Recharge maintains that governments will need to subsidise green hydrogen in the short to medium term to make it affordable and create a viable and sustainable market for the gas.

Cirrus also raised price concerns: “Although governments, business and individuals across the world are increasingly looking to reduce or offset carbon emissions, the cost of this will bear a material consideration. Where cheaper alternatives arise, this would drive substitution.

“This raises the question, presently, whether entities will be willing to pay the substantial ‘green premium’ and for how long this can be sustained,” Cirrus said.

NO GREEN BULLET

Green hydrogen may be an exciting opportunity for Namibia over the medium to long term, however establishing this industry successfully will take material changes in general investment policy and will likely only occur five to ten years from now, Cirrus said.

The analysts continue: “Given the risk and uncertainty around the global move to net-zero emissions, it remains possible that green hydrogen may fall by the wayside before real viability is reached. In this regard, efforts to pursue this sector should not be ignored, however, this industry cannot and should not be seen as a core part of the post-Covid recovery plan, but rather part of a longer-term initiative to develop and brand ‘Green Namibia’, taking advantage of the global move towards increased sustainability.”

SS said they remained concerned that green hydrogen is seen as a major solution to Namibia’s economic woes.
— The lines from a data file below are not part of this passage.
Lemma max_at_Xform (a1 a2 a3 b1 b2 b3 : R) :
  0 <= c -> c <= s -> 0 < r -> unit3 a1 a2 a3 -> unit3 b1 b2 b3 ->
  xoverlap (c * s * (1 + Xform s r)) (s * s - Xform s r * (c * c))
           (c * c - Xform s r * (s * s)) (Xform s r) a1 a2 a3 b1 b2 b3 <= Mform s r.
Proof.
  intros Hc Hcs Hr Ha Hb.
  assert (Hs : 0 < s) by (destruct (Req_dec s 0); nra).
  assert (Hs1 : s <= 1) by nra.
  pose proof (Xform_range s r sqr_r Hr (conj (Rlt_le _ _ Hs) Hs1)) as HX.
  pose proof gap_at_Xform as Hgap.
  rewrite <- (bound_at_Xform Hs Hr), <- Hgap.
  set (X := Xform s r) in *.
  (* p - q = (s^2 - c^2)(1 + X), p + q = 1 - X, p + X = s^2 (1 + X), p - X = r s *)
  assert (0 <= (s * s - c * c) * (1 + X)) by (apply Rmult_le_pos; nra).
  assert (0 <= s * s * (1 + X)) by (apply Rmult_le_pos; nra).
  apply xoverlap_sos_bound; try assumption; nra.
Qed.

End ClosedForm.

(** Mform is increasing in s on [0, 1]: cross-multiplying the ratio
    N(s)/E(s) (N numerator, E denominator of its square root). *)
Lemma Mform_increasing (a b r : R) : r * r = 2 -> 0 < r -> 0 <= a -> a < b -> b <= 1 ->
  Mform a r < Mform b r.
Proof.
  intros Hr2 Hr Ha Hab Hb.
  assert (Hr1 : 1 < r) by nra.
  set (Na := 1 + (1 - 2 * a * a) + r * a). set (Ea := 3 + (1 - 2 * a * a)).
  set (Nb := 1 + (1 - 2 * b * b) + r * b). set (Eb := 3 + (1 - 2 * b * b)).
  assert (HEa : 0 < Ea) by (unfold Ea; nra). assert (HEb : 0 < Eb) by (unfold Eb; nra).
  assert (HNa : 0 < Na) by (unfold Na; nra).
  assert (Hcross : Nb * Ea - Na * Eb = (b - a) * (2 * r * ((r - a) * (r - b)))).
  { unfold Na, Nb, Ea, Eb. ring_mod Hr2 Hr2. }
  assert (Hratio : Na / Ea < Nb / Eb).
  { apply (Rmult_lt_reg_r (Ea * Eb)); [nra|].
    replace (Na / Ea * (Ea * Eb)) with (Na * Eb) by (field; lra).
    replace (Nb / Eb * (Ea * Eb)) with (Nb * Ea) by (field; lra).
    assert (0 < (b - a) * (2 * r * ((r - a) * (r - b)))).
    { repeat apply Rmult_lt_0_compat; lra. }
    lra. }
  assert (Hpos : 0 < Na / Ea) by (apply Rdiv_lt_0_compat; lra).
  unfold Mform. fold Na Ea Nb Eb.
  replace (Na ^ 2 / Ea ^ 2) with ((Na / Ea) * (Na / Ea)) by (field; lra).
  replace (Nb ^ 2 / Eb ^ 2) with ((Nb / Eb) * (Nb / Eb)) by (field; lra).
  nra.
Qed.
Lemma csum_bispanning (A B : {set E1}) (C D : {set E2}) :
  [disjoint A & B] -> A :|: B = [set: E1] -> spanning_tree ends1 A -> spanning_tree ends1 B ->
  [disjoint C & D] -> C :|: D = [set: E2] -> spanning_tree ends2 C -> spanning_tree ends2 D ->
  d1 \in A -> d2 \in C -> bispanning G.
Proof.
move=> AB ABcover [Aconn Aacyc] [Bconn Bacyc] CD CDcover [Cconn Cacyc] [Dconn Dacyc] d1A d2C.
exists (csum_set A D), (csum_set B C); split.
- rewrite disjoint_subset; apply/subsetP => -[e|e]; rewrite !inE /= => eAD.
    by rewrite (disjointFr AB eAD).
  by rewrite (disjointFl CD eAD).
- apply/setP => -[e|e]; rewrite !inE /=.
    by rewrite -in_setU ABcover inE.
  by rewrite orbC -in_setU CDcover inE.
- split; last exact: acyclic_csum_l.
  by apply: connected_csum_l; rewrite // setD1_id // (disjointFr CD d2C).
- split; last exact: acyclic_csum_r.
  by apply: connected_csum_r; rewrite // setD1_id // (disjointFr AB d1A).
Qed.

End CliqueSum.
(* G_{s2}(rt) for the pair (qt1, p1) (unnormalized / normalized first density)
   and (qt2, p2); s1 = 1 - s2 passed explicitly. *)
Definition G_obj {dT : measure_display} {R : realType}
  {T : measurableType dT} (mu : {measure set T -> \bar R}) (s1 s2 : R)
  (qt1 p1 qt2 p2 : T -> R) (rt : R) : R :=
  1 - s2^-1 * expect mu p1 (fun x =>
        (s2 * qt2 x * rt / (s1 * qt1 x + s2 * qt2 x * rt)) ^+ 2)
    - s1^-1 * expect mu p2 (fun x =>
        (s1 * qt1 x / (s1 * qt1 x + s2 * qt2 x * rt)) ^+ 2).

Definition sup_pos {R : realType} (g : R -> R) : R :=
  sup [set g rt | rt in [set rt : R | 0 < rt]].

From HB Require Import structures.
From mathcomp Require Import all_boot all_order all_algebra.
From mathcomp Require Import all_classical all_reals all_analysis.
From mathcomp Require Import ring lra.
Import Order.TTheory GRing.Theory Num.Theory.
Local Open Scope classical_set_scope.
Local Open Scope ring_scope.

(* Write a = p1 x, b = q2 x for the two normalized densities, r = Z1 / Z2 and
   t = rt / r.  A direct computation shows that the integrand of the Bridge
   objective splits pointwise as
       s2^-1 a (s2 b t / (s1 a + s2 b t))^2 + s1^-1 b (s1 a / (s1 a + s2 b t))^2
     = (s2 / a + s1 / b)^-1 + excess s1 s2 t a b,
   where the excess term carries a factor (t - 1)^2 and is otherwise positive.
   Integrating, G(rt) = H - (integral of the excess), so for every pair of
   densities G(rt) <= H, with equality exactly at rt = r.  Hence
   sup_{rt > 0} G(rt, phi) = H(phi) for every phi, the maximizer rt* must be r,
   minimizing the supremum over phi is minimizing H, and since the asymptotic
   relative MSE (n s1 s2)^-1 ((1 - H)^-1 - 1) is increasing in H < 1, phi* also
   minimizes it.  The argument is carried out for each phi separately and only
   uses that q1^(phi) is a positive density with normalizing constant Z1; the
   transport structure of T_phi plays no further role. *)

Local Notation measurable_EFinP := measurable_realfun.measurable_EFinP.
Local Notation measurable_funD := measurable_realfun.measurable_funD.
Local Notation measurable_funM := measurable_realfun.measurable_funM.
Local Notation measurable_funX := measurable_realfun.measurable_funX.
“While green hydrogen is receiving significant amount of attention and focus, we do caution that long standing challenges and growth impediments remain in place. These issues have been with us for a long time and would need to be addressed, not just to improve the economic recovery from the lockdown induced depression and to achieve sustainable long-term growth, but especially if we want the green hydrogen project to be successful,” SS said.

Cirrus said green hydrogen should not become “a smokescreen that creates a perception that the post-Covid world is bright”.

“Green hydrogen will not generate this bright world for most Namibians, and as such, it should be a side-line to the real project – a project of attracting and sustaining grassroots investment, employment and growth, and improved allocation of public resources, together contributing to improved household incomes and livelihoods,” Cirrus said.